Lemma generators_T'_invertible f : generators_T' f -> exists fi, inverse_of f fi.
Proof. intros [I HT]. apply (elementary_invertible (f, I)), T'_elementary, HT. Qed.

Lemma cj_pair_in_gen w : admissible w -> gen generators_T' (fst (cj_pair w)).
Proof. intros Hw. apply gen_base. exists (snd (cj_pair w)). exists w. destruct (cj_pair w); auto. Qed.

Lemma not_maximal_in_gen f I : T (f, I) -> ~ maximal (f, I) -> gen generators_T' f.
Proof.
  intros HT Hnm. destruct (nested_in_maximal _ HT Hnm) as [r [Hr Hn]].
  destruct (T_elementary r (proj1 Hr)) as [_ [ri Hri] _ _ _].
  apply (gen_ext _ (fst (cj_pair (mkConjugate r ri 0 (f, I))))); [|reflexivity].
  apply cj_pair_in_gen. split; [|split; [|split]]; auto.
Qed.

(* Conjugating [r^k q r^-k] by [r^e] gives [r^(e+k) q r^-(e+k)] if [r] is its
   root, and changes nothing otherwise since the supports are disjoint. *)
Lemma maximal_power_conj r ri e w : maximal r -> inverse_of (fst r) ri -> admissible w ->
  gen generators_T' (fun x => zpow (fst r) ri e (fst (cj_pair w) (zpow (fst r) ri (- e) x))).
Proof.
  intros Hr Hri Hw.
  destruct (classic (cj_root w = r)) as [Er|Nr].
  - pose proof Hw as [Hr' [Hi' [Hq Hn]]].
    assert (Ei : cj_root_inv w = ri) by (rewrite Er in Hi'; apply (inverse_of_unique _ _ _ Hi' Hri)).
    destruct w as [r0 ri0 k q]; simpl in *; subst r0 ri0.
    apply (gen_ext _ (fst (cj_pair (mkConjugate r ri (e + k) q)))).
    + apply cj_pair_in_gen. split; [|split; [|split]]; auto.
    + intro x. unfold cj_pair, cj_power, conj_pair; simpl.
      rewrite !(zpow_add _ _ Hri). f_equal. f_equal.
      replace (- (e + k))%Z with (- k + - e)%Z by lia. rewrite (zpow_add _ _ Hri). reflexivity.
  - assert (Hd : disjoint_moves (fst r) (fst (cj_pair w))).
    { intros x [A B]. apply (maximal_disjoint r (cj_root w) Hr (proj1 Hw) (not_eq_sym Nr) x).
      split; auto. apply cj_pair_moves_root; auto. }
    destruct (cj_pair_elementary w Hw) as [_ [ci Hci] _ _ _].
    pose proof (zpow_commute _ _ Hri _ (disjoint_moves_commute _ _ _ _ Hri Hci Hd) e) as Hc.
    apply (gen_ext _ (fst (cj_pair w))); [apply cj_pair_in_gen; auto|].
    intro x. rewrite Hc. destruct (zpow_opp _ _ Hri e x) as [-> _]. reflexivity.
Qed.

Lemma generators_T_normalize a ai : generators_T a -> inverse_of a ai ->
  normalizes generators_T' a ai /\ normalizes generators_T' ai a.
Proof.
  intros [I HT] Hai. destruct (classic (maximal (a, I))) as [Hm|Hnm].
  - split; apply normalizes_of_generators; [auto| |apply inverse_of_sym; auto|];
      intros b [J [w [Hw E]]]; replace b with (fst (cj_pair w)) by (rewrite <- E; auto).
    + apply (gen_ext _ _ _ (maximal_power_conj (a, I) ai 1 w Hm Hai Hw)). reflexivity.
    + apply (gen_ext _ _ _ (maximal_power_conj (a, I) ai (-1) w Hm Hai Hw)). reflexivity.
  - pose proof (not_maximal_in_gen a I HT Hnm) as Ha.
    assert (Hai' : gen generators_T' ai) by (eapply gen_inv; eauto).
    split; intros n Hn; apply gen_comp; auto; apply (gen_comp _ n); auto.
Qed.

Lemma generators_T_commute_mod a b : generators_T a -> generators_T b ->
  commute_mod generators_T' a b.
Proof.
  intros Ha Hb.
  assert (Hmod : forall f g, generators_T f -> ~ (exists I, maximal (f, I)) -> generators_T g ->
    commute_mod generators_T' f g).
  { intros f g [I HT] Hnm Hg. apply commute_mod_normal with (A := generators_T);
      auto using generators_T_invertible, generators_T'_invertible, generators_T_normalize, gen_base.
    apply (not_maximal_in_gen f I HT). intro; apply Hnm; eauto. }
  destruct (classic (exists I, maximal (a, I))) as [[I Hma]|]; [|apply Hmod; auto].
  destruct (classic (exists J, maximal (b, J))) as [[J Hmb]|];
    [|apply commute_mod_sym; auto using generators_T'_invertible].
  exists (fun x => x). split; [apply gen_id|].
  destruct (classic ((a, I) = (b, J))) as [E|Ne]; [injection E as -> ->; reflexivity|].
  destruct (T_elementary _ (proj1 Hma)) as [_ [ai Hai] _ _ _].
  destruct (T_elementary _ (proj1 Hmb)) as [_ [bi Hbi] _ _ _].
  apply (disjoint_moves_commute a b ai bi); auto. apply (maximal_disjoint (a, I) (b, J)); auto.
Qed.

Lemma derived1_in_conjugates f : derived (gen generators_T) 1 f -> gen generators_T' f.
Proof.
  apply derived1_incl; auto using generators_T_invertible, generators_T'_invertible,
    generators_T_normalize, generators_T_commute_mod.
Qed.

End Derivation.

Theorem ranked_system_derived_trivial d : forall (T : pair -> Prop) (rho : pair -> nat),
  (forall p, T p -> elementary p) ->
  (forall p q, T p -> T q -> p <> q -> disjoint_moves (fst p) (fst q) \/ nested p q \/ nested q p) ->
  (forall p q, T p -> T q -> p <> q -> nested p q -> (rho p < rho q)%nat) ->
  (forall p, T p -> (rho p < d)%nat) ->
  trivial_group (derived (gen (fun f => exists I, T (f, I))) d).
Proof.
  induction d as [|d IH]; intros T rho Hel Hsys Hrho Hbound h Hh.
  - apply (gen_trivial (fun f => exists I, T (f, I)) h); auto.
    intros f [I HT]. pose proof (Hbound _ HT). lia.
  - rewrite derived_succ in Hh.
    apply (derived_mono _ _ d (derived1_in_conjugates T rho d Hel Hsys Hrho Hbound)) in Hh.
    apply (IH (T' T) (rho' T rho)) in Hh; auto.
    + apply T'_elementary; auto.
    + apply T'_system; auto.
    + apply rho'_nested; auto.
    + apply (rho'_bound T rho d); auto.
Qed.

(** * Ranking a finite fundamental system *)

Lemma filter_length_lt {A : Type} (P : A -> bool) (l l' : list A) y : NoDup l ->
  P y = false -> In y l' -> (forall x, In x l -> P x = true -> In x l') ->
  (length (filter P l) < length l')%nat.
Proof.
  intros Hl Hy Hy' Hincl.
  apply (NoDup_incl_length (l := y :: filter P l)).
  - constructor; [rewrite filter_In; intros [_ E]; congruence|apply NoDup_filter; auto].
  - intros x [<-|Hx]; auto. apply filter_In in Hx as [? ?]; auto.
Qed.

Definition decide (P : Prop) : bool := if excluded_middle_informative P then true else false.

Lemma decide_true P : decide P = true <-> P.
Proof. unfold decide; destruct excluded_middle_informative; split; auto; discriminate. Qed.

Section FundamentalSystem.
Variable S : list pair.
Hypothesis HS : fundamental_system S.

Lemma fundamental_system_elementary p : In p S -> elementary p.
Proof.
  destruct HS as [_ [Hel _]]. intros Hp. destruct p as [f I].
  destruct (Hel _ Hp) as [? [? [? ?]]]. apply elementary_of_fundamental; auto.
Qed.

Lemma fundamental_system_nested p q : In p S -> In q S -> p <> q ->
  disjoint_moves (fst p) (fst q) \/ nested p q \/ nested q p.
Proof.
  destruct HS as [_ [Hel Hpair]]. intros Hp Hq Hne.
  assert (Hh : forall p, In p S -> homeo01 (fst p)) by (intros r Hr; apply Hel; auto).
  destruct (Hpair p q Hp Hq Hne) as [Hd|[Hn|Hn]]; [left|right; left|right; right].
  - intros x [Xp Xq]. apply (Hd x).
    split; apply moves_interior_support; auto using fundamental_system_elementary.
  - intros x Hx. apply Hn, moves_support; auto.
  - intros x Hx. apply Hn, moves_support; auto.
Qed.

Definition nested_count (p : pair) : nat := length (filter (fun q => decide (nested q p)) S).

Lemma nested_count_self p : In p S -> decide (nested p p) = false.
Proof.
  intros Hp. destruct (decide (nested p p)) eqn:E; auto.
  apply decide_true, nested_irrefl in E; [contradiction|apply fundamental_system_elementary; auto].
Qed.

Lemma nested_count_lt p q : In p S -> In q S -> nested p q -> (nested_count p < nested_count q)%nat.
Proof.
  intros Hp Hq Hn. apply (filter_length_lt _ _ _ p); [apply HS|apply nested_count_self; auto| |].
  - apply filter_In. split; auto. apply decide_true; auto.
  - intros x Hx Hxp. apply filter_In. split; auto. rewrite decide_true in *.
    apply (nested_trans x p q); auto using fundamental_system_elementary.
Qed.

Lemma nested_count_bound p : In p S -> (nested_count p < length S)%nat.
Proof. intros Hp. apply (filter_length_lt _ _ _ p); auto using nested_count_self; apply HS. Qed.

End FundamentalSystem.

Theorem propositionp (S : list ((R -> R) * (R -> Prop))) :
  fundamental_system S ->
  solvable (elementary_group S) /\
  derived_length_le (elementary_group S) (length S).
Proof.
  intros HS.
  assert (H : derived_length_le (elementary_group S) (length S)).
  { apply (ranked_system_derived_trivial _ (fun p => In p S) (nested_count S)).
    - apply fundamental_system_elementary; auto.
    - apply fundamental_system_nested; auto.
    - intros p q Hp Hq _. apply nested_count_lt; auto.
    - apply nested_count_bound; auto. }
  split; [exists (length S)|]; exact H.
Qed.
============================================================
- EXERCISE DETAILS:
Copy the lines of the data above exactly as written, beginning with the line containing "- assert (Hd" and ending with the line containing "- pose proof (not_maximal_in_gen", and leave out all other lines.

- RESPONSE:
  - assert (Hd : disjoint_moves (fst r) (fst (cj_pair w))).
    { intros x [A B]. apply (maximal_disjoint r (cj_root w) Hr (proj1 Hw) (not_eq_sym Nr) x).
      split; auto. apply cj_pair_moves_root; auto. }
    destruct (cj_pair_elementary w Hw) as [_ [ci Hci] _ _ _].
    pose proof (zpow_commute _ _ Hri _ (disjoint_moves_commute _ _ _ _ Hri Hci Hd) e) as Hc.
    apply (gen_ext _ (fst (cj_pair w))); [apply cj_pair_in_gen; auto|].
    intro x. rewrite Hc. destruct (zpow_opp _ _ Hri e x) as [-> _]. reflexivity.
Qed.

Lemma generators_T_normalize a ai : generators_T a -> inverse_of a ai ->
  normalizes generators_T' a ai /\ normalizes generators_T' ai a.
Proof.
  intros [I HT] Hai. destruct (classic (maximal (a, I))) as [Hm|Hnm].
  - split; apply normalizes_of_generators; [auto| |apply inverse_of_sym; auto|];
      intros b [J [w [Hw E]]]; replace b with (fst (cj_pair w)) by (rewrite <- E; auto).
    + apply (gen_ext _ _ _ (maximal_power_conj (a, I) ai 1 w Hm Hai Hw)). reflexivity.
    + apply (gen_ext _ _ _ (maximal_power_conj (a, I) ai (-1) w Hm Hai Hw)). reflexivity.
  - pose proof (not_maximal_in_gen a I HT Hnm) as Ha.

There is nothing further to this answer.